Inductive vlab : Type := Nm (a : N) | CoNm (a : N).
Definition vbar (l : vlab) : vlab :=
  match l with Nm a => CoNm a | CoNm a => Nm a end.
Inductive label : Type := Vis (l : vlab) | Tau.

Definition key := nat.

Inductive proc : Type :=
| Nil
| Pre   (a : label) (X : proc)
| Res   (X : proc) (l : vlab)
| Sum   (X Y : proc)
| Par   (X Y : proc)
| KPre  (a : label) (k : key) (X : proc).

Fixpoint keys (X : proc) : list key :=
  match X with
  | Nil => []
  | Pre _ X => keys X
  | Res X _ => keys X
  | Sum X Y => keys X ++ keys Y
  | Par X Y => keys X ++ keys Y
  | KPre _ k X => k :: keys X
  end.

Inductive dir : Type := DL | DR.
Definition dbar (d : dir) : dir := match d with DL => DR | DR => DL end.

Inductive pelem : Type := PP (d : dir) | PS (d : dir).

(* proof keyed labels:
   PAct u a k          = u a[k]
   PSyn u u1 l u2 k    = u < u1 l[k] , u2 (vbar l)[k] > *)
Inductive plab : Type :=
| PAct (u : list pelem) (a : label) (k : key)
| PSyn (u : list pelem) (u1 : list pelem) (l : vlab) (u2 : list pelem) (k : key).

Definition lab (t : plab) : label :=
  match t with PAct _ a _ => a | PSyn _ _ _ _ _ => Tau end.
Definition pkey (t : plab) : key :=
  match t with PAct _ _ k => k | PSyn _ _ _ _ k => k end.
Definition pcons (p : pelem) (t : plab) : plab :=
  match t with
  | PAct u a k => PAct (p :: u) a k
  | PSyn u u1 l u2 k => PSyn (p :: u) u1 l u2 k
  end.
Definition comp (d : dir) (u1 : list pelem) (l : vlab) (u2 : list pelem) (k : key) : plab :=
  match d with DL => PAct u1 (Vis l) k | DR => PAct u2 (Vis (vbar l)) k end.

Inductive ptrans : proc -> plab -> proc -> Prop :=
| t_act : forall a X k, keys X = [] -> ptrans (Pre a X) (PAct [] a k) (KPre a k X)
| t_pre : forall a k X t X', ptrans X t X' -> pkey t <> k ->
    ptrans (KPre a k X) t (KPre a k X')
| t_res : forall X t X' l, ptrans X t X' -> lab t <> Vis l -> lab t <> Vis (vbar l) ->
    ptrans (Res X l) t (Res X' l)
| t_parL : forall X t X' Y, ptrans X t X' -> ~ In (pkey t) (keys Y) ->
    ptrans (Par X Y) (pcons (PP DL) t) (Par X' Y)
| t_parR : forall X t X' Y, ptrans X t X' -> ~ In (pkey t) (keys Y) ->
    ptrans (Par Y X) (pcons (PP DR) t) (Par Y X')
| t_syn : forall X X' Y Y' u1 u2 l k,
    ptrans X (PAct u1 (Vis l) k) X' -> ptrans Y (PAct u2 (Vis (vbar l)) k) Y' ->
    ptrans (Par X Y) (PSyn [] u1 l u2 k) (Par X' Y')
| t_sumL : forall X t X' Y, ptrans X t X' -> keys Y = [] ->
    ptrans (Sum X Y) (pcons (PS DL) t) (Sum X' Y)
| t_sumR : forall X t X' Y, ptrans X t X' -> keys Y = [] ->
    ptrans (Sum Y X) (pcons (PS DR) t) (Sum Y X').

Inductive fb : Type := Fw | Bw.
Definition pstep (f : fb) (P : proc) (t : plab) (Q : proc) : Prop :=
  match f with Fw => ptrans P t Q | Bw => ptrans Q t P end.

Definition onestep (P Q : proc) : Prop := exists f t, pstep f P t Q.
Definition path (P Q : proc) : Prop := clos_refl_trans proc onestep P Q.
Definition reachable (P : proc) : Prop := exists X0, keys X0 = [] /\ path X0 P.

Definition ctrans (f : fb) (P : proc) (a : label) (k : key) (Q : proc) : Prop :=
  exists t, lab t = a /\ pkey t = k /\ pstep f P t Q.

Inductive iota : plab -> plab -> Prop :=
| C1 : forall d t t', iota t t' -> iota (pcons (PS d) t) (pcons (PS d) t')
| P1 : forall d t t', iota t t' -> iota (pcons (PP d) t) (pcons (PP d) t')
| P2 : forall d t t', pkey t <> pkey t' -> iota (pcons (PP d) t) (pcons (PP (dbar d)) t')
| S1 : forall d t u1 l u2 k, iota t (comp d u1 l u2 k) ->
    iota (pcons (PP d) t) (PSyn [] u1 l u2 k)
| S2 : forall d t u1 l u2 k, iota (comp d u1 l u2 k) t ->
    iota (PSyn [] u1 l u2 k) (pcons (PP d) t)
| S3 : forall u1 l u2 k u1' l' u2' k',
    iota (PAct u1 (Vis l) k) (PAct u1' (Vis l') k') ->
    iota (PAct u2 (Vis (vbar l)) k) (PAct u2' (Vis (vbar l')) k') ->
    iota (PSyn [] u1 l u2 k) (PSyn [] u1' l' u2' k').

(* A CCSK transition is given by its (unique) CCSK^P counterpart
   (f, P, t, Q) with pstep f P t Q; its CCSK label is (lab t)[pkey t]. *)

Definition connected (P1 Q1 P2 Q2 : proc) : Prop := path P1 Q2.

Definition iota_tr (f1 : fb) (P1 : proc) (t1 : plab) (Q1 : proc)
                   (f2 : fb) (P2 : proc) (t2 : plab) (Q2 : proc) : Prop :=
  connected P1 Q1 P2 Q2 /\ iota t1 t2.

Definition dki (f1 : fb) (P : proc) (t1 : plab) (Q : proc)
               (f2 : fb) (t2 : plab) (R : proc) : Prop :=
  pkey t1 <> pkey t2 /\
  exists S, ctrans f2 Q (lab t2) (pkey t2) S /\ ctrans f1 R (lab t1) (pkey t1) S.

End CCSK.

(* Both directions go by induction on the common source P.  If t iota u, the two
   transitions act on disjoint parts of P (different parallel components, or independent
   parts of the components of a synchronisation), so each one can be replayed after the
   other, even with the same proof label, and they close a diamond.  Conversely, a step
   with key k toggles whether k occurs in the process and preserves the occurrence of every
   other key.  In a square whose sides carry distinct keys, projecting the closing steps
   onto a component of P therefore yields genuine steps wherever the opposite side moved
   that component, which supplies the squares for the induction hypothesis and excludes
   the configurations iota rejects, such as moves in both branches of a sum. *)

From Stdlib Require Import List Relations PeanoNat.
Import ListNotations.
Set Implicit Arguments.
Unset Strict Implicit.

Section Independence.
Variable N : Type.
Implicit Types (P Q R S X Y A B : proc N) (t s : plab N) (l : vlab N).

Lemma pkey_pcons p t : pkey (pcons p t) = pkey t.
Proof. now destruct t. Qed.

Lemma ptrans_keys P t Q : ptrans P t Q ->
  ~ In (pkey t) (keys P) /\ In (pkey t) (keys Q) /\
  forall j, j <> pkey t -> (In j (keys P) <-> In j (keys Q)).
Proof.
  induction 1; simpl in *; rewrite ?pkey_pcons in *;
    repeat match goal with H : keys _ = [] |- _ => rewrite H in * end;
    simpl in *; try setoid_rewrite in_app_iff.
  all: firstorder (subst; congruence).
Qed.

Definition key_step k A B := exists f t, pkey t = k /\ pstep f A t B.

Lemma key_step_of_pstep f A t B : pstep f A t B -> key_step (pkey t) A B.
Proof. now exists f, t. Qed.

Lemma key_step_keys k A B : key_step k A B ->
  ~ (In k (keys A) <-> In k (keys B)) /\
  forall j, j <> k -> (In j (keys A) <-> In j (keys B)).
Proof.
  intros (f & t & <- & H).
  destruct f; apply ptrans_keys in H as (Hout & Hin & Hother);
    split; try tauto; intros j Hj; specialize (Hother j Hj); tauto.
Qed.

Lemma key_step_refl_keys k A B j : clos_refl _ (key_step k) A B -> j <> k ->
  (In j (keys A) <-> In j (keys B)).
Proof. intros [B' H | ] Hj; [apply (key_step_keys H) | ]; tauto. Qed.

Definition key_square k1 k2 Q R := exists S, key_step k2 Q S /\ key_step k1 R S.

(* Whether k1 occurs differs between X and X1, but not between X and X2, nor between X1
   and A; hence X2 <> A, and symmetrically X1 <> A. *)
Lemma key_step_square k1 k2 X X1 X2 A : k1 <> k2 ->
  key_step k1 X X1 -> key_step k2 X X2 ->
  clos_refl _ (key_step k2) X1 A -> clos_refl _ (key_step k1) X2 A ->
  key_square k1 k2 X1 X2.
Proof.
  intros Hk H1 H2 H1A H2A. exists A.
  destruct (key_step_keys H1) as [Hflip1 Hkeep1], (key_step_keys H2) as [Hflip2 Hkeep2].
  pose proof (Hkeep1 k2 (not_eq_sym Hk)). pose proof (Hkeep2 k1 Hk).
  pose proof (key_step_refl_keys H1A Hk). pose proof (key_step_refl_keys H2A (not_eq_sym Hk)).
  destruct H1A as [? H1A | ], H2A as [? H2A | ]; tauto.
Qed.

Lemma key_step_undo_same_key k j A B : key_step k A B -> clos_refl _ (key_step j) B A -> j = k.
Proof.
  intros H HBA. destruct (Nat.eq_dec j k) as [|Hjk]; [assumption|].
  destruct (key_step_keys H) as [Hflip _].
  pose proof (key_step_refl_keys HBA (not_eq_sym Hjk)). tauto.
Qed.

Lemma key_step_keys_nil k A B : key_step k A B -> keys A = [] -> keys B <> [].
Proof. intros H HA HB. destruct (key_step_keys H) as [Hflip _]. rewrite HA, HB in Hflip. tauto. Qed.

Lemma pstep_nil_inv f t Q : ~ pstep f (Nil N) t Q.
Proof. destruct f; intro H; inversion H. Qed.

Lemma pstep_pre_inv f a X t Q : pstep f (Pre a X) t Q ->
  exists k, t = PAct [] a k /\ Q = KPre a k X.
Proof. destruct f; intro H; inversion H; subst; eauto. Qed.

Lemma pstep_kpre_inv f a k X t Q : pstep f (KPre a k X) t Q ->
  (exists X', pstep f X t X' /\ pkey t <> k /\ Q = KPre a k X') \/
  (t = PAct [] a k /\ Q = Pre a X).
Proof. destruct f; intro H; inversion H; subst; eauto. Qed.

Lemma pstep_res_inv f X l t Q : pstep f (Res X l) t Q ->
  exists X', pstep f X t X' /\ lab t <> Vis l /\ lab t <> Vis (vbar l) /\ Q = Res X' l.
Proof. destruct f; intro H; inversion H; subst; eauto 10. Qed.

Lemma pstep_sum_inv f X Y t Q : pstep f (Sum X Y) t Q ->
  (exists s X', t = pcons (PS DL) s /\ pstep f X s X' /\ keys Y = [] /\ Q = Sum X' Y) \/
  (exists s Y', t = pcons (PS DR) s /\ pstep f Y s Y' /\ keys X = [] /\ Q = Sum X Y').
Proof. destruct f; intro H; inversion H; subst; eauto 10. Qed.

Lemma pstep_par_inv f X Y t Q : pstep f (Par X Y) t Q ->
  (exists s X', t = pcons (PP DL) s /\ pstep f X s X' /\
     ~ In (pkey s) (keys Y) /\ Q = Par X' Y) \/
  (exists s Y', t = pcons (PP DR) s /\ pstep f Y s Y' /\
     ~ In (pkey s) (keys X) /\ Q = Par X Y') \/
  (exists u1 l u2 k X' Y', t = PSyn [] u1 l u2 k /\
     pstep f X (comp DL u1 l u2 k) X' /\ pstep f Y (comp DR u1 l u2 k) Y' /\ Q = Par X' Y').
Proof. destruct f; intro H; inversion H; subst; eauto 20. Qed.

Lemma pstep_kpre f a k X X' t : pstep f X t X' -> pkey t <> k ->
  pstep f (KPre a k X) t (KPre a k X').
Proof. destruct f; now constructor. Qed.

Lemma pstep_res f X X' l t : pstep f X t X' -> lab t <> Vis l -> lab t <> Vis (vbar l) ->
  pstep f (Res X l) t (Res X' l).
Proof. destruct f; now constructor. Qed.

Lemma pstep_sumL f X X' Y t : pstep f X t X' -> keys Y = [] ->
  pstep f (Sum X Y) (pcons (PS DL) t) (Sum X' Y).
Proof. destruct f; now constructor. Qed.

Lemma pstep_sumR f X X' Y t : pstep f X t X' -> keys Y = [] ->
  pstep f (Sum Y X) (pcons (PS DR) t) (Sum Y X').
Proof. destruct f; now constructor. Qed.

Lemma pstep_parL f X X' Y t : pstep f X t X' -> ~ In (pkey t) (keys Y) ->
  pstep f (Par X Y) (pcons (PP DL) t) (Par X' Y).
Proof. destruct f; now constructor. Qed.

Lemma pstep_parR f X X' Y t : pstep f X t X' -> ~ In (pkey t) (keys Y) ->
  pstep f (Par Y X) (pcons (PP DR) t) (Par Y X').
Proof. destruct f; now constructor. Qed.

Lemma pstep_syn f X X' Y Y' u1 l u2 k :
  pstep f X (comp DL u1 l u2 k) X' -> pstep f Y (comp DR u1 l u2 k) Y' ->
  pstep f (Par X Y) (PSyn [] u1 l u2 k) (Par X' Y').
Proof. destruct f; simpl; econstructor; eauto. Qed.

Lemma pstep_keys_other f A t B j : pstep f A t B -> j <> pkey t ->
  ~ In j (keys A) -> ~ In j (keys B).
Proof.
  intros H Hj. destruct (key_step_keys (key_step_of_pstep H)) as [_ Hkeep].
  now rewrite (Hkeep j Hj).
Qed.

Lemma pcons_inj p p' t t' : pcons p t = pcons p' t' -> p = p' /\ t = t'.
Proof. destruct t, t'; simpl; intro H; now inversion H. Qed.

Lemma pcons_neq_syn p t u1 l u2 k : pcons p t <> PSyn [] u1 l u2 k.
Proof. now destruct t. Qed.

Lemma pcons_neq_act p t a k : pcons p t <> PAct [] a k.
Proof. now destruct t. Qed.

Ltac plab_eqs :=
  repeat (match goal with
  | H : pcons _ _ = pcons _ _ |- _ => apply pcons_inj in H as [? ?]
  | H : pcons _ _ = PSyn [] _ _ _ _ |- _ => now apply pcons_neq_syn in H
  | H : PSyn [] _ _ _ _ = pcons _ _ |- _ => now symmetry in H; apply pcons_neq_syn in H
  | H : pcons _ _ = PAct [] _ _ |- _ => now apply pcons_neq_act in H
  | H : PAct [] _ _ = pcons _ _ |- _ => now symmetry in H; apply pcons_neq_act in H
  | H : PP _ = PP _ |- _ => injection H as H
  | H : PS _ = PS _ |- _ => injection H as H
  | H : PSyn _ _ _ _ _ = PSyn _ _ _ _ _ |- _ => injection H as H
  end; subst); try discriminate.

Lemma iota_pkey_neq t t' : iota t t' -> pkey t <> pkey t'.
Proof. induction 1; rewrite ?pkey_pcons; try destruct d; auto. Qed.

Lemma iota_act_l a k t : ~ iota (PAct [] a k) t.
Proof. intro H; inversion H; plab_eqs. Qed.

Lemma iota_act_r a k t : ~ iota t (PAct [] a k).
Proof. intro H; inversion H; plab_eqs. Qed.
**********
→ **WHAT TO DO**
Please reproduce exactly the lines from the first one of the records above through the line containing "k) (KPre a k X)", both included, and nothing else.

→ **TASK SOLUTION**
Inductive vlab : Type := Nm (a : N) | CoNm (a : N).
Definition vbar (l : vlab) : vlab :=
  match l with Nm a => CoNm a | CoNm a => Nm a end.
Inductive label : Type := Vis (l : vlab) | Tau.

Definition key := nat.

Inductive proc : Type :=
| Nil
| Pre   (a : label) (X : proc)
| Res   (X : proc) (l : vlab)
| Sum   (X Y : proc)
| Par   (X Y : proc)
| KPre  (a : label) (k : key) (X : proc).

Fixpoint keys (X : proc) : list key :=
  match X with
  | Nil => []
  | Pre _ X => keys X
  | Res X _ => keys X
  | Sum X Y => keys X ++ keys Y
  | Par X Y => keys X ++ keys Y
  | KPre _ k X => k :: keys X
  end.

Inductive dir : Type := DL | DR.
Definition dbar (d : dir) : dir := match d with DL => DR | DR => DL end.

Inductive pelem : Type := PP (d : dir) | PS (d : dir).

(* proof keyed labels:
   PAct u a k          = u a[k]
   PSyn u u1 l u2 k    = u < u1 l[k] , u2 (vbar l)[k] > *)
Inductive plab : Type :=
| PAct (u : list pelem) (a : label) (k : key)
| PSyn (u : list pelem) (u1 : list pelem) (l : vlab) (u2 : list pelem) (k : key).

Definition lab (t : plab) : label :=
  match t with PAct _ a _ => a | PSyn _ _ _ _ _ => Tau end.
Definition pkey (t : plab) : key :=
  match t with PAct _ _ k => k | PSyn _ _ _ _ k => k end.
Definition pcons (p : pelem) (t : plab) : plab :=
  match t with
  | PAct u a k => PAct (p :: u) a k
  | PSyn u u1 l u2 k => PSyn (p :: u) u1 l u2 k
  end.
Definition comp (d : dir) (u1 : list pelem) (l : vlab) (u2 : list pelem) (k : key) : plab :=
  match d with DL => PAct u1 (Vis l) k | DR => PAct u2 (Vis (vbar l)) k end.

Inductive ptrans : proc -> plab -> proc -> Prop :=
| t_act : forall a X k, keys X = [] -> ptrans (Pre a X) (PAct [] a k) (KPre a k X)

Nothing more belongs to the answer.